- [What is being asked]: Needed from the data below: every line from the one with "pose X : 'M[K]_(#|J|, n)" up to and including the one with "rewrite row_sel_mx; case: ifP=>", repeated exactly and with nothing else.

- [Saved entries]:
[Start of section]
(* Write d^psi = d_h - psi d_t over F(psi), so h_1^twist = nE - rank d^psi.
   Since each edge e owns at most one coordinate of F(E), Gamma_ht(U) is
   spanned by the unit vectors of the "supported" coordinates i, those whose
   head and tail rows both lie in U; hence excess(U) = #supported - rank U.
   - Upper bound: the supported rows of d^psi lie in U (over F(psi)) and the
     remaining rows span at most one dimension each, so
     #supported + rank d^psi <= rank U + nE.
   - Lower bound: let J be the support of ker d^psi.  Substituting
     psi(e_a) + 1 for psi(e_a) in a kernel vector with nonzero a-coordinate
     shows that the tail row at a lies in the span of the rows of d^psi
     indexed by J, hence so does the head row.  So U = span of all head and
     tail rows at J has every coordinate of J supported and rank U at most
     rank (rows J of d^psi) <= #J - h_1^twist (rank-nullity on J). *)

Section SelectionMatrices.
Variable K : fieldType.

Definition sel_mx n (J : {set 'I_n}) : 'M[K]_n :=
  \matrix_(i, j) ((i == j) && (i \in J))%:R.

Lemma row_sel_mx n (J : {set 'I_n}) a :
  row a (sel_mx J) = if a \in J then delta_mx 0 a else 0.
Proof.
apply/rowP=> j; rewrite !mxE eq_sym; case: (a \in J); rewrite ?mxE ?andbT //.
by rewrite andbF.
Qed.

Lemma row_sel_mxM n m (J : {set 'I_n}) (A : 'M[K]_(n, m)) a :
  row a (sel_mx J *m A) = if a \in J then row a A else 0.
Proof. by rewrite row_mul row_sel_mx; case: ifP; rewrite ?mul0mx // -rowE. Qed.

Lemma sub_sel_mx_out m n (J : {set 'I_n}) (A : 'M[K]_(m, n)) :
  (A <= sel_mx J)%MS -> forall r c, c \notin J -> A r c = 0.
Proof.
move=> /submxP[Y ->] r c cJ; rewrite mxE big1 // => k _; rewrite mxE.
by case: eqP => [->|_]; rewrite ?(negPf cJ) ?andbF mulr0.
Qed.

Lemma mul_sel_mx_id m n (J : {set 'I_n}) (A : 'M[K]_(m, n)) :
  (forall r c, c \notin J -> A r c = 0) -> A *m sel_mx J = A.
Proof.
move=> A0; apply/matrixP=> r c; rewrite !mxE (bigD1 c) //= big1 => [|k kc].
  by rewrite !mxE eqxx addr0; case: (boolP (c \in J)) => [_|/A0->]; rewrite ?mulr1 ?mulr0.
by rewrite mxE (negPf kc) mulr0.
Qed.

Lemma sel_mxC n (J : {set 'I_n}) : sel_mx J + sel_mx (~: J) = 1%:M.
Proof.
apply/matrixP=> i j; rewrite !mxE inE.
by case: (i \in J); case: (i == j); rewrite /= ?addr0 ?add0r.
Qed.

Lemma sel_mxCM n (J : {set 'I_n}) : sel_mx (~: J) *m sel_mx J = 0.
Proof.
apply/row_matrixP=> a; rewrite row_sel_mxM inE row0.
by case: ifP => // /negPf aJ; rewrite row_sel_mx aJ.
Qed.

(* The rows of sel_mx J lie in the span of the #|J| unit vectors of J. *)
Lemma rank_sel_mx_le n (J : {set 'I_n}) : (\rank (sel_mx J) <= #|J|)%N.
Proof.
pose X : 'M[K]_(#|J|, n) := \matrix_(k, j) (enum_val k == j)%:R.
apply: leq_trans (rank_leq_row X); apply: mxrankS; apply/row_subP=> a.
rewrite row_sel_mx; case: ifP=> aJ; last exact: sub0mx.
apply/submxP; exists (delta_mx 0 (enum_rank_in aJ a)); rewrite -rowE.
by apply/rowP=> j; rewrite !mxE enum_rankK_in // eq_sym.
Qed.

(* Both bounds rank_sel_mx_le (for J and ~: J) add up to rank 1%:M = n,
   so they are equalities. *)
Lemma rank_sel_mx n (J : {set 'I_n}) : \rank (sel_mx J) = #|J|.
Proof.
have := mxrank_add (sel_mx J) (sel_mx (~: J)); rewrite sel_mxC mxrank1.
have := rank_sel_mx_le J; have := rank_sel_mx_le (~: J).
have := cardsC J; rewrite card_ord; lia.
Qed.

Lemma rank_split_rows n m (J : {set 'I_n}) (A : 'M[K]_(n, m)) :
  (\rank A <= \rank (sel_mx J *m A) + \rank (sel_mx (~: J) *m A))%N.
Proof. by rewrite -[X in (\rank X <= _)%N]mul1mx -(sel_mxC J) mulmxDl mxrank_add. Qed.

(* Rank-nullity for the rows of A indexed by J: a family X of vectors supported
   on J and annihilated by A has at most #|J| - rank(rows J of A) independent
   members. *)
Lemma rank_supported_kernel p n m (J : {set 'I_n}) (A : 'M[K]_(n, m))
    (X : 'M[K]_(p, n)) :
  X *m sel_mx J = X -> X *m A = 0 ->
  (\rank (sel_mx J *m A) + \rank X <= #|J|)%N.
Proof.
move=> XJ XA; set P := sel_mx (~: J).
have capX0 : \rank (X :&: P)%MS = 0%N.
  have /submxP[Y1 e1] := capmxSl X P; have /submxP[Y2 e2] := capmxSr X P.
  have <- : (X :&: P)%MS *m sel_mx J = (X :&: P)%MS by rewrite {1}e1 -mulmxA XJ -e1.
  by rewrite e2 -mulmxA sel_mxCM mulmx0 mxrank0.
have sub_ker : ((X + P)%MS <= kermx (sel_mx J *m A))%MS.
  by rewrite addsmx_sub !sub_kermx mulmxA XJ XA mulmxA sel_mxCM mul0mx !eqxx.
have := mxrankS sub_ker; rewrite mxrank_ker.
have := mxrank_sum_cap X P; rewrite capX0 rank_sel_mx.
have := rank_leq_row (sel_mx J *m A); have := cardsC J; rewrite card_ord; lia.
Qed.

End SelectionMatrices.

(* Selection matrices are defined over the prime ring, so ring morphisms fix them. *)
Lemma map_sel_mx (K L : fieldType) (f : {rmorphism K -> L}) n (J : {set 'I_n}) :
  map_mx f (sel_mx K J) = sel_mx L J.
Proof. by apply/matrixP=> i j; rewrite !mxE rmorph_nat. Qed.

Section ConstantEmbedding.
Variables (R : idomainType) (k : nat).

Lemma mconst_is_zmod_morphism : zmod_morphism (@mconst R k).
Proof. by elim: k => [|k' IHk] a b //=; rewrite IHk rmorphB. Qed.

Lemma mconst_is_monoid_morphism : monoid_morphism (@mconst R k).
Proof.
elim: k => [|k' [IH1 IHM]] //.
by split=> [|a b] /=; rewrite ?IH1 ?IHM ?rmorph1 ?rmorphM.
Qed.

HB.instance Definition _ := GRing.isZmodMorphism.Build R (mpoly_ring R k)
  (@mconst R k) mconst_is_zmod_morphism.
HB.instance Definition _ := GRing.isMonoidMorphism.Build R (mpoly_ring R k)
  (@mconst R k) mconst_is_monoid_morphism.

End ConstantEmbedding.

HB.instance Definition _ (F : fieldType) (E : finType) :=
  GRing.RMorphism.copy (@to_tw F E)
    (@FracField.tofrac (mpoly_ring F #|E|) \o @mconst F #|E|).

Lemma mvar_shift (R : idomainType) (k : nat) (i : 'I_k) :
  exists f : {rmorphism mpoly_ring R k -> mpoly_ring R k},
    [/\ injective f, forall a, f (mconst k a) = mconst k a,
        forall j, j != i -> f (mvar R j) = mvar R j
      & f (mvar R i) = mvar R i + 1].
Proof.
elim: k i => [[]//|k IHk i].
case: (unliftP ord_max i) => [i' ->|->].
- have [f [f_inj fC fvar fvar_i]] := IHk i'.
  exists (map_poly f : {rmorphism {poly mpoly_ring R k} -> {poly mpoly_ring R k}}).
  split=> [||j|] /=.
  + by apply: map_inj_poly; rewrite ?rmorph0.
  + by move=> a /=; rewrite map_polyC; congr _%:P; apply: fC.
  + case: (unliftP ord_max j) => [j' ->|->] /=; rewrite ?liftK ?unlift_none.
      move=> ne; rewrite map_polyC; congr _%:P; apply: fvar.
      by apply: contraNneq ne => ->.
    by rewrite map_polyX.
  + by rewrite liftK map_polyC -polyC1 -polyCD; congr _%:P; apply: fvar_i.
- exists (comp_poly ('X + 1) : {rmorphism {poly mpoly_ring R k} -> {poly mpoly_ring R k}}).
  have shiftK : cancel (comp_poly ('X + 1 : {poly mpoly_ring R k}))
                       (comp_poly ('X - 1)).
    move=> p; rewrite -comp_polyA comp_polyD comp_polyX -polyC1 comp_polyC.
    by rewrite subrK comp_polyXr.
  split=> [||j|] /=.
  + exact: can_inj shiftK.
  + by move=> a /=; rewrite comp_polyC.
  + case: (unliftP ord_max j) => [j' ->|->] /=; rewrite ?liftK ?comp_polyC //.
    by rewrite eqxx.
  + by rewrite unlift_none comp_polyX.
Qed.

Lemma frac_clear (R : idomainType) (x : {fraction R}) :
  exists n d : R, d != 0 /\ x * FracField.tofrac d = FracField.tofrac n.
Proof.
elim/quotW: x => r; exists (\n_r), (\d_r); have d0 := denom_ratioP r.
split => //; unlock FracField.tofrac.
rewrite -[_ * _]/(FracField.mul _ _) -FracField.pi_mul.
apply/eqmodP; rewrite /= FracField.equivfE /FracField.mulf.
by rewrite !numden_Ratio ?mulf_neq0 ?oner_neq0 // !mulr1 mulrC.
Qed.

Lemma row_clear_denominators (R : idomainType) n (v : 'rV[{fraction R}]_n) :
  exists (c : R) (w : 'rV[R]_n),
    c != 0 /\ map_mx (@FracField.tofrac R) w = FracField.tofrac c *: v.
Proof.
have /fin_all_exists[p Hp] : forall j : 'I_n, exists p : R * R,
    p.2 != 0 /\ v 0 j * FracField.tofrac p.2 = FracField.tofrac p.1.
  by move=> j; have [a [b [b0 e]]] := frac_clear (v 0 j); exists (a, b).
exists (\prod_j (p j).2), (\row_j ((p j).1 * \prod_(k | k != j) (p k).2)).
split; first by apply/prodf_neq0 => j _; case: (Hp j).
apply/rowP=> j; rewrite !mxE [in RHS](bigD1 j) //= !rmorphM.
have [_ vjE] := Hp j.
by rewrite [X in X * _ = _](_ : _ = v 0 j * FracField.tofrac (p j).2); [ring|rewrite vjE].
Qed.

Lemma map_tofrac_eq0 (R : idomainType) m n (A : 'M[R]_(m, n)) :
  map_mx (@FracField.tofrac R) A = 0 -> A = 0.
Proof.
move/matrixP=> A0; apply/matrixP=> i j; move: (A0 i j); rewrite !mxE.
by move/eqP; rewrite tofrac_eq0 => /eqP.
Qed.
[End of section]
- [Answer space]:
pose X : 'M[K]_(#|J|, n) := \matrix_(k, j) (enum_val k == j)%:R.
apply: leq_trans (rank_leq_row X); apply: mxrankS; apply/row_subP=> a.
rewrite row_sel_mx; case: ifP=> aJ; last exact: sub0mx.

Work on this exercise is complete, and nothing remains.